En wat is voor een monnik niet zijn gebied maar het territorium van anderen? Het zijn de vijf ketenen van zintuiglijkheid (kama guna). Welke vijf?

Vormen die waarneembaar zijn met het oog — aangenaam, plezierig, verrukkelijk, geliefd, begeerte voedend (ahara), verleidelijk.

Geluiden die waarneembaar zijn met het oor — aangenaam, plezierig, verrukkelijk, geliefd, begeerte voedend, verleidelijk.

Geuren die waarneembaar zijn met de neus — aangenaam, plezierig, verrukkelijk, geliefd, begeerte voedend, verleidelijk.
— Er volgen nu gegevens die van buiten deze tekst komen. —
(* Let $S$ be as in the context and $1\le k<n$. Let $p_1,\dots,p_r$ be pairwise node-disjoint sequences $p_l=(x_{l,1},\dots,x_{l,w_l})$, $w_l\ge2$, of pairwise distinct nodes of $G_k(S)$ such that for every $1\le t<w_l$, $x_{l,t+1}$ is the only successor of $x_{l,t}$ and $x_{l,t}$ is the only predecessor of $x_{l,t+1}$, and suppose that every fusible edge of $G_k(S)$ is of the form $(x_{l,t},x_{l,t+1})$ for some $l$ and $t$. Let $[i_l,j_l]$ be the $x_{l,w_l}$-interval, so that $\langle w_l-1,[i_l,j_l]\rangle$ is a prefix interval. Let $L'$ be the string obtained from $L$ by deleting every entry at a position of the form $\mathrm{LF}^t[y]$ with $1\le l\le r$, $i_l<y\le j_l$ and $0\le t<w_l-1$ (i.e. the $L$-component of the tunneled BWT obtained by tunneling these prefix intervals). Then $|L'|=m_k$, the number of edges of the edge-reduced de Bruijn graph $\tilde G_k(S)$ counted with multiplicity.
   Context: $\Sigma$ is a finite totally ordered alphabet containing a symbol $\$$ smaller than every other symbol. $S$ is a string of length $n\ge 2$ over $\Sigma$ whose last character is $\$$ and in which $\$$ occurs nowhere else; strings are indexed from $1$. The rotations of $S$ are the $n$ strings $S[i..n]S[1..i-1]$, $i\in[1,n]$. For $1\le k\le n$ let $Z_k(S)=S[1..n]S[1..k]$. The order-$k$ de Bruijn graph $G_k(S)$ is the directed multigraph with node set $\{Z_k(S)[i..i+k-1]: i\in[1,n]\}$ that, for every $z\in\Sigma^{k+1}$ occurring exactly $m\ge1$ times as a substring of $Z_k(S)$, contains the edge $(z[1..k],z[2..k+1])$ with multiplicity $m$. $x$ is a predecessor of $y$ (and $y$ a successor of $x$) if there is an edge $(x,y)$ of positive multiplicity. An edge $(x,y)$ is fusible if $y$ is the only successor of $x$ and $x$ is the only predecessor of $y$. The edge-reduced de Bruijn graph $\tilde G_k(S)$ is obtained from $G_k(S)$ by setting the multiplicity of every fusible edge to $1$. Let $M$ be the $n\times n$ matrix whose rows (indexed $1,\dots,n$) are the rotations of $S$ sorted lexicographically, and let $L[i]$ be the last character of row $i$ (the BWT of $S$). For $c\in\Sigma$, $C[c]$ is the number of characters of $S$ strictly smaller than $c$, and $\mathrm{rank}_c(L,i)$ is the number of occurrences of $c$ in $L[1..i]$. The LF-mapping is $\mathrm{LF}[i]=C[L[i]]+\mathrm{rank}_{L[i]}(L,i)$, a permutation of $[1,n]$; $\mathrm{LF}^t$ is its $t$-fold iterate ($\mathrm{LF}^0$ the identity) and $\mathrm{LF}^{-1}$ its inverse. For a string $x$ that is a prefix of some rotation, the $x$-interval is the set of indices of rows of $M$ that begin with $x$ (an interval $[i,j]$). A prefix interval $\langle w,[i,j]\rangle$ consists of an integer $w\ge0$ and an interval $[i,j]\subseteq[1,n]$ such that for every integer $t$ with $-1\le t<w$ the characters $L[\mathrm{LF}^t[i]],\dots,L[\mathrm{LF}^t[j]]$ are all equal. *)

(* Alphabet = nat with its usual order, the sentinel $ = 0. *)
From mathcomp Require Import all_boot.
Set Implicit Arguments. Unset Strict Implicit. Unset Printing Implicit Defensive.

Fixpoint lexle (s t : seq nat) : bool :=
  match s, t with
  | [::], _ => true
  | _ :: _, [::] => false
  | a :: s', b :: t' => (a < b) || ((a == b) && lexle s' t')
  end.

Definition valid_text (S : seq nat) : Prop :=
  2 <= size S /\ last 1 S = 0 /\ 0 \notin take (size S).-1 S.

(* 1-indexed substring x[i..i+len-1] *)
Definition substr (x : seq nat) (i len : nat) : seq nat := take len (drop i.-1 x).

Definition rotations (S : seq nat) : seq (seq nat) :=
  [seq rot i.-1 S | i <- iota 1 (size S)].
Definition BWM (S : seq nat) : seq (seq nat) := sort lexle (rotations S).
(* row i of M, 1-indexed *)
Definition row (S : seq nat) (i : nat) : seq nat := nth [::] (BWM S) i.-1.
(* BWT L and L[i], 1-indexed *)
Definition BWT (S : seq nat) : seq nat := [seq last 0 r | r <- BWM S].
Definition Lat (S : seq nat) (i : nat) : nat := nth 0 (BWT S) i.-1.
Definition Ccount (S : seq nat) (c : nat) : nat := count (fun a => a < c) S.
Definition rankc (S : seq nat) (c i : nat) : nat := count (pred1 c) (take i (BWT S)).
Definition LF (S : seq nat) (i : nat) : nat :=
  Ccount S (Lat S i) + rankc S (Lat S i) i.

(* x-interval [lo,hi]: least and greatest index of a row of M beginning with x *)
Definition begins (x r : seq nat) : bool := take (size x) r == x.
Definition xint_lo (S x : seq nat) : nat := (find (begins x) (BWM S)).+1.
Definition xint_hi (S x : seq nat) : nat :=
  size (BWM S) - find (begins x) (rev (BWM S)).

Definition Zk (S : seq nat) (k : nat) : seq nat := S ++ take k S.
Definition dbg_nodes (S : seq nat) (k : nat) : seq (seq nat) :=
  undup [seq substr (Zk S k) i k | i <- iota 1 (size S)].
Definition mult (S : seq nat) (k : nat) (x y : seq nat) : nat :=
  count (fun i => let z := substr (Zk S k) i k.+1 in
                  (size z == k.+1) && (take k z == x) && (drop 1 z == y))
        (iota 1 (size (Zk S k))).
Definition is_edge S k x y : bool := 0 < mult S k x y.
Definition only_succ S k (x y : seq nat) : Prop :=
  is_edge S k x y /\ forall y', y' \in dbg_nodes S k -> is_edge S k x y' -> y' = y.
Definition only_pred S k (x y : seq nat) : Prop :=
  is_edge S k x y /\ forall x', x' \in dbg_nodes S k -> is_edge S k x' y -> x' = x.
Definition fusible S k x y : Prop := only_succ S k x y /\ only_pred S k x y.
Definition fusibleb S k x y : bool :=
  [&& is_edge S k x y,
      all (fun y' => is_edge S k x y' ==> (y' == y)) (dbg_nodes S k) &
      all (fun x' => is_edge S k x' y ==> (x' == x)) (dbg_nodes S k)].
Smaken die waarneembaar zijn met de tong — aangenaam, plezierig, verrukkelijk, geliefd, begeerte voedend, verleidelijk.

Aanraakbare dingen die waarneembaar zijn met het lichaam — aangenaam, plezierig, verrukkelijk, geliefd, begeerte voedend, verleidelijk.
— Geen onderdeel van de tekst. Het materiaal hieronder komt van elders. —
(* Let $(\Lambda,d)$ be a $k$-graph and let $(\overline{\Lambda},\overline d)$ be its extension as described in the context. If $\Lambda$ is finitely aligned, then $\overline{\Lambda}$ is finitely aligned. If $\Lambda$ is row-finite, then $\overline{\Lambda}$ is row-finite.
   Context: A $k$-graph $(\Lambda,d)$ is a countable category with a degree functor $d:\Lambda\to\mathbb{N}^k$ satisfying unique factorization; $\Lambda^0$ vertices, $r,s$ range/source, $v\Lambda^n=\{\lambda:r(\lambda)=v,d(\lambda)=n\}$; $e_i$ standard basis, $\le$ coordinatewise, $\vee,\wedge$ coordinatewise max/min. A $k$-graph $\Gamma$ is row-finite if $v\Gamma^n$ is finite for all vertices $v$ and $n\in\mathbb{N}^k$; it is finitely aligned if $\Gamma^{\min}(\lambda,\mu)=\{(\alpha,\beta):\lambda\alpha=\mu\beta,\ d(\lambda\alpha)=d(\lambda)\vee d(\mu)\}$ is finite for all $\lambda,\mu\in\Gamma$. For $m\in(\mathbb{N}\cup\{\infty\})^k$, $\Omega_{k,m}$ has objects $\{p\in\mathbb{N}^k:p\le m\}$, morphisms $(p,q)$, $p\le q\le m$, $r(p,q)=p$, $s(p,q)=q$, $d(p,q)=q-p$. A graph morphism $x:\Omega_{k,m}\to\Lambda$ is a degree-preserving functor; $d(x)=m$, $x(a,b)=x((a,b))$, $x(a)=x(a,a)$. It is a boundary path if there is $n_x\in\mathbb{N}^k$, $n_x\le d(x)$, with $x(p)\Lambda^{e_i}=\emptyset$ whenever $p\in\mathbb{N}^k$, $n_x\le p\le d(x)$, $p_i=d(x)_i$; $\Lambda^{\le\infty}$ is the set of boundary paths. $\sigma^px(a,b)=x(a+p,b+p)$; $\lambda x$ is the concatenation of $\lambda$ and $x$. $V_\Lambda=\{(x;m):x\in\Lambda^{\le\infty},m\in\mathbb{N}^k,m\not\le d(x)\}$, $(x;m)\approx(y;p)$ iff $x(m\wedge d(x))=y(p\wedge d(y))$ and $m-m\wedge d(x)=p-p\wedge d(y)$; classes $[x;m]$ form $\widetilde{V_\Lambda}$. $P_\Lambda=\{(x;(m,n)):x\in\Lambda^{\le\infty},m\le n\in\mathbb{N}^k,n\not\le d(x)\}$, $(x;(m,n))\sim(y;(p,q))$ iff $x(m\wedge d(x),n\wedge d(x))=y(p\wedge d(y),q\wedge d(y))$, $m-m\wedge d(x)=p-p\wedge d(y)$, $n-m=q-p$; classes $[x;(m,n)]$ form $\widetilde{P_\Lambda}$. The extension $\overline{\Lambda}$ is the $k$-graph with objects $\Lambda^0\sqcup\widetilde{V_\Lambda}$ and morphisms $\Lambda\sqcup\widetilde{P_\Lambda}$: on $\Lambda$ everything is as in $\Lambda$; $\overline r([x;(m,n)])=x(m)$ if $m\le d(x)$, else $[x;m]$; $\overline s([x;(m,n)])=[x;n]$; identity at $[x;m]$ is $[x;(m,m)]$; $\lambda[x;(m,n)]=[\lambda\sigma^mx;(0,d(\lambda)+n-m)]$; $[x;(m,n)][y;(p,q)]=[z;(m,n+q-p)]$ with $z=x(0,n\wedge d(x))\sigma^{p\wedge d(y)}y$; degree $\overline d|_\Lambda=d$, $\overline d([x;(m,n)])=n-m$. *)

From Stdlib Require Import ClassicalEpsilon List.
From mathcomp Require Import all_boot.
Set Implicit Arguments.
Unset Strict Implicit.
Unset Printing Implicit Defensive.

Definition NN (k : nat) := {ffun 'I_k -> nat}.
Definition nn0 (k : nat) : NN k := [ffun _ => 0].
Definition nnadd k (m n : NN k) : NN k := [ffun i => m i + n i].
(* truncated subtraction; only used when n <= m coordinatewise *)
Definition nnsub k (m n : NN k) : NN k := [ffun i => m i - n i].
Definition nnmax k (m n : NN k) : NN k := [ffun i => maxn (m i) (n i)].
Definition nnmin k (m n : NN k) : NN k := [ffun i => minn (m i) (n i)].
Definition nnle k (m n : NN k) : bool := [forall i, m i <= n i].
Definition nnbasis k (i : 'I_k) : NN k := [ffun j => if j == i then 1 else 0].
(* For the coprime hider strategy $y$, consider two disjoint intervals $[u\oplus\ell]_{n-1}$ and $[v\oplus s]_{n-1}$ (with $u,v,\ell,s$ nonnegative integers) such that $\ell+s\le c$. Then $$y([u\oplus\ell]_{n-1})+y([v\oplus s]_{n-1})\le y([u\oplus(\ell+s+1)]_{n-1}).$$
   Context: Let $k\ge2$, $n>2^k$, $c=2^k-2$ with $\gcd(c,n-1)=1$, and let $h,w$ be the positive integers with $h(n-1)-wc=1$ and $w\in\{1,\dots,n-2\}$ minimal. For integers $u,\ell$ and $r\ge1$, $[u\oplus\ell]_r=\{w\bmod r: u\le w\le u+\ell-1\}$; $[a,b]=\{a,\dots,b\}$; $y(S)=\sum_{i\in S}y_i$. Coprime hider strategy $y\in\mathbb{R}^{\{0,\dots,n-1\}}$: $g(v)=v\frac{h}{wc}$, $r=\lfloor c/h\rfloor$; $y_0=y_{n-1}=0$; starting at $v=1$, repeatedly choose the largest $r^*\in\{r,r+1\}$ with $g(v+r^*-1)\le y([1,v-1])+\frac1w$, set $y_i=\frac{1}{r^*w}$ for $i\in\{v,\dots,v+r^*-1\}$, replace $v$ by $v+r^*$; stop when $v>n-2$. *)

From mathcomp Require Import all_boot all_order all_algebra.
Set Implicit Arguments. Unset Strict Implicit. Unset Printing Implicit Defensive.
Import Order.TTheory GRing.Theory Num.Theory.
Local Open Scope ring_scope.

Definition cval (k : nat) : nat := (2 ^ k - 2)%N .

Section Hider.
Variables (R : realFieldType) (n k h w : nat).

Definition gfun (v : nat) : R := v%:R * h%:R / (w%:R * (cval k)%:R).

Definition rval : nat := (cval k %/ h)%N .

(* State: current start v and the current
   value S = y([1, v-1]).  Stops when v > n - 2.
   Fuel n suffices since r >= 1 under the standing hypotheses. *)
Fixpoint blocks (fuel v : nat) (S : R) : seq (nat * nat) :=
  match fuel with
  | 0 => [::]
  | fuel'.+1 =>
      if (n - 2 < v)%N then [::]
      else
        let rs := if gfun (v + rval.+1 - 1) <= S + 1 / w%:R
                  then rval.+1 else rval in
        (v, rs) :: blocks fuel' (v + rs)
                     (S + \sum_(v <= i < v + rs) (1 / (rs%:R * w%:R)))
  end.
Dit is voor een monnik niet het zuivere gebied. Dit is het gebied van anderen[1].

Begeef je, monniken, in wat jullie zuivere gebied is, wat jullie eigen voorouderlijke territorium is. In iemand die zich begeeft in wat zijn zuivere gebied is, in wat zijn eigen voorouderlijke territorium is, daar krijgt Mara geen opening, daar krijgt Mara geen vaste voet aan de grond.

En wat is voor een monnik zijn zuivere gebied, wat is zijn voorouderlijke territorium? Het zijn de vier fundamenten van indachtigheid (satipatthana). Welke zijn deze vier?

Daar is het geval waarin de monnik zelf zijn eigen lichaam beschouwt — ijverig, alert en indachtig — en afdoet met begeerte en verdriet met betrekking tot de wereld (van lichamelijkheid, rupa).

Daar is het geval waarin de monnik gevoelens beschouwt, gevoelens op zich en die van hemzelf — ijverig, alert en indachtig — en afdoet met begeerte en verdriet met betrekking tot de wereld (van gevoelens, vedana).

Daar is het geval waarin de monnik mentale formaties beschouwt, mentale formaties op zich en die van hemzelf — ijverig, alert en indachtig — en afdoet met begeerte en verdriet met betrekking tot de wereld (van formaties, sankhara).

Daar is het geval waarin de monnik de geest beschouwt, de geest op zich en die van hemzelf — ijverig, alert en indachtig — en afdoet met begeerte en verdriet met betrekking tot de wereld (van de geest, citta, viññana).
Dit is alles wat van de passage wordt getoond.